PROBLEM REQUIREMENTS — Nothing but the lines below between the line holding "rewrite (O_eqE _ Pl Xs)" and the line holding "case: (line_nonempty hA", inclusive, should appear in the answer, each set down exactly.

(Collected data entries)

Lemma beta_inj P l : inc P l -> injective (beta P l).
Proof.
move=> Pl; have index_beta s : index (beta P l s) (enum (pi P l)) = s.
  by rewrite index_uniq ?enum_uniq ?size_enum_pi.
by move=> s t eq_st; apply/ord_inj; rewrite -index_beta eq_st index_beta.
Qed.

Lemma beta_O l (r : Row l) P : inc P l -> beta P l (O l r P) = trace P (val r).
Proof. by move=> Pl; rewrite beta_index ?trace_in_pi. Qed.

Lemma O_eqE l (r : Row l) P s (Z : nb_pt (rep P)) : inc P l ->
  Z \in val (beta P l s) -> (O l r P == s) = inc (val Z) (val r).
Proof.
move=> Pl Zs; rewrite -(mem_trace r Z Pl) -beta_O //.
apply/eqP/idP => [-> // | Zr]; apply: (beta_inj Pl).
exact: pi_same (beta_in_pi _ Pl) (beta_in_pi _ Pl) Zr Zs.
Qed.

(* Points in distinct fibres are joined by exactly one line of H. *)
Lemma O_orthogonal l P Q : P != Q -> inc P l -> inc Q l ->
  forall s t : Sym l, exists! r : Row l, O l r P = s /\ O l r Q = t.
Proof.
move=> PQ Pl Ql s t.
case: (line_nonempty (restr_affine (rep P)) (beta P l s)) => X Xs.
case: (line_nonempty (restr_affine (rep Q)) (beta Q l t)) => Y Yt.
have fX : fp (val X) = P by apply/eqP; rewrite -nbp_rep (valP X).
have fY : fp (val Y) = Q by apply/eqP; rewrite -nbp_rep (valP Y).
case: (join_H (val X) (val Y)) => g /andP [Xg Yg].
have Pg : inc P (fl g) by rewrite -fX inc_f.
have Qg : inc Q (fl g) by rewrite -fY inc_f.
pose r : Row l := Sub g (introT eqP (join_uniq hA PQ Pg Qg Pl Ql)).
exists r; split.
  by split; apply/eqP; rewrite (O_eqE _ Pl Xs, O_eqE _ Ql Yt).
move=> r' [/eqP rP /eqP rQ]; apply: val_inj.
rewrite (O_eqE _ Pl Xs) in rP; rewrite (O_eqE _ Ql Yt) in rQ.
by apply: (line_uniq_far (X := val X) (Y := val Y)); rewrite ?fX ?fY.
Qed.

Lemma card_Row l : #|Row l| = n.+1 * n.+1.
Proof.
case: (line_nonempty hA l) => P Pl; case: (exists_other_on hA Pl) => Q Ql QP.
have PQ : P != Q by rewrite eq_sym.
pose F (r : Row l) := (O l r P, O l r Q).
have F_inj : injective F.
  move=> r1 r2 eqF; have e1 := congr1 fst eqF; have e2 := congr1 snd eqF.
  case: (O_orthogonal PQ Pl Ql (O l r1 P) (O l r1 Q)) => r0 [_ u].
  by rewrite -(u r1 (conj erefl erefl)) (u r2 (conj (esym e1) (esym e2))).
rewrite -cardsT -(card_imset _ F_inj).
have -> : F @: [set: Row l] = [set: Sym l * Sym l].
  apply/setP => -[s t]; rewrite !inE; case: (O_orthogonal PQ Pl Ql s t) => r [[rP rQ] _].
  by apply/imsetP; exists r; rewrite ?inE // /F rP rQ.
by rewrite cardsT card_prod card_ord.
Qed.

Lemma pi_parallel_class P l : inc P l -> @parallel_class (restr (rep P)) (pi P l).
Proof.
by move=> Pl; case: (pi_through (center P) Pl) => S hS _; exists S; apply: pi_class.
Qed.

Lemma pi_inj P l l' : inc P l -> pi P l = pi P l' -> l = l'.
Proof.
move=> Pl eq_pi; case: (pi_through (center P) Pl) => S hS _.
have hS' := hS; rewrite eq_pi in hS'.
by rewrite !inE in hS hS'; rewrite -(eqP hS) (eqP hS').
Qed.

Lemma pi_onto P (C : {set nb_ln (rep P)}) :
  @parallel_class (restr (rep P)) C -> exists l, inc P l /\ pi P l = C.
Proof.
case=> S0 ->; case: (exists_par (restr_affine (rep P)) (center P) S0) => S /andP [PS S0S].
have Pl : inc P (fl (lift S)) by move: PS; rewrite /= mem_lift => /inc_f; rewrite fp_rep.
have SP : S \in pi P (fl (lift S)) by rewrite inE.
exists (fl (lift S)); split=> //.
by rewrite (pi_class Pl SP) -(eq_class_of _ S0S).
Qed.

Lemma admissible_construction_data :
  @admissible n.+1 A (fun P => restr (rep P)) Sym Row O pi beta.
Proof.
split; first by split=> // P; split; [exact: restr_affine | exact: card_points_fibre].
split.
- by move=> l; split; [exact: card_ord | exact: card_Row | exact: O_orthogonal].
- move=> P; split; [exact: pi_parallel_class | | exact: pi_onto].
  by move=> l l' Pl _; apply: pi_inj.
move=> P l Pl; split=> [|S]; first exact: beta_inj.
split=> [SP | [s <-]]; last exact: beta_in_pi.
by exists (inord (index S (enum (pi P l)))); apply: beta_index.
Qed.

Lemma isomorphic_construction :
  isomorphic H (@construction A (fun P => restr (rep P)) Sym Row O beta).
Proof.
have fibre X : nbp (rep (fp X)) X by rewrite nbp_rep.
exists (fun X => existT _ (fp X) (exist _ X (fibre X))),
  (fun g => existT _ (fl g) (exist _ g (eqxx (fl g)) : Row (fl g))); split.
- exists (fun u : {P : ipt A & nb_pt (rep P)} => val (tagged u)) => [X // |].
  case=> P [X PX] /=.
  have fX : fp X = P by apply/eqP; rewrite -nbp_rep.
  by subst P; rewrite (bool_irrelevance (fibre X) PX).
- exists (fun L : {l : iln A & Row l} => val (tagged L)) => [g // | [l [g gl]] /=].
  have fg : fl g = l by apply/eqP.
  by subst l; rewrite (bool_irrelevance (eqxx (fl g)) gl).
move=> X g /=; have [Pg | nPg] := boolP (inc (fp X) (fl g)).
  by rewrite beta_O // mem_trace.
by apply/negbTE; apply: contra nPg; apply: inc_f.
Qed.

End HjelmslevPlane.

Theorem mainTheorem3 (H : IS) :
  two_uniform_AH H ->
  exists (m : nat) (A : IS) (AP : ipt A -> IS) (Sym Row : iln A -> finType)
    (O : forall l, Row l -> ipt A -> Sym l)
    (pi : forall P : ipt A, iln A -> {set iln (AP P)})
    (beta : forall (P : ipt A) (l : iln A), Sym l -> iln (AP P)),
    @admissible m A AP Sym Row O pi beta /\ isomorphic H (@construction A AP Sym Row O beta).
Proof.
case=> [[join_H [A [fp [fl [[hA fp_surj _ inc_f] [fp_nbp fl_nbl fl_par]]]]]] uniform].
have restr_affine X : affine_plane (restr X) := (uniform X).1.
case: (exists_order hA) => -[|n] [order_gt1 [_ card_line_A]] //.
exists n.+1, A; do 6 eexists; split.
  exact: (admissible_construction_data hA fp_surj join_H inc_f fp_nbp fl_nbl fl_par
            restr_affine order_gt1 card_line_A).
exact: (isomorphic_construction hA fp_surj join_H inc_f fp_nbp fl_nbl fl_par
          restr_affine card_line_A).
Qed.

SOLVED PROBLEM —
rewrite (O_eqE _ Pl Xs) in rP; rewrite (O_eqE _ Ql Yt) in rQ.
by apply: (line_uniq_far (X := val X) (Y := val Y)); rewrite ?fX ?fY.
Qed.

Lemma card_Row l : #|Row l| = n.+1 * n.+1.
Proof.
case: (line_nonempty hA l) => P Pl; case: (exists_other_on hA Pl) => Q Ql QP.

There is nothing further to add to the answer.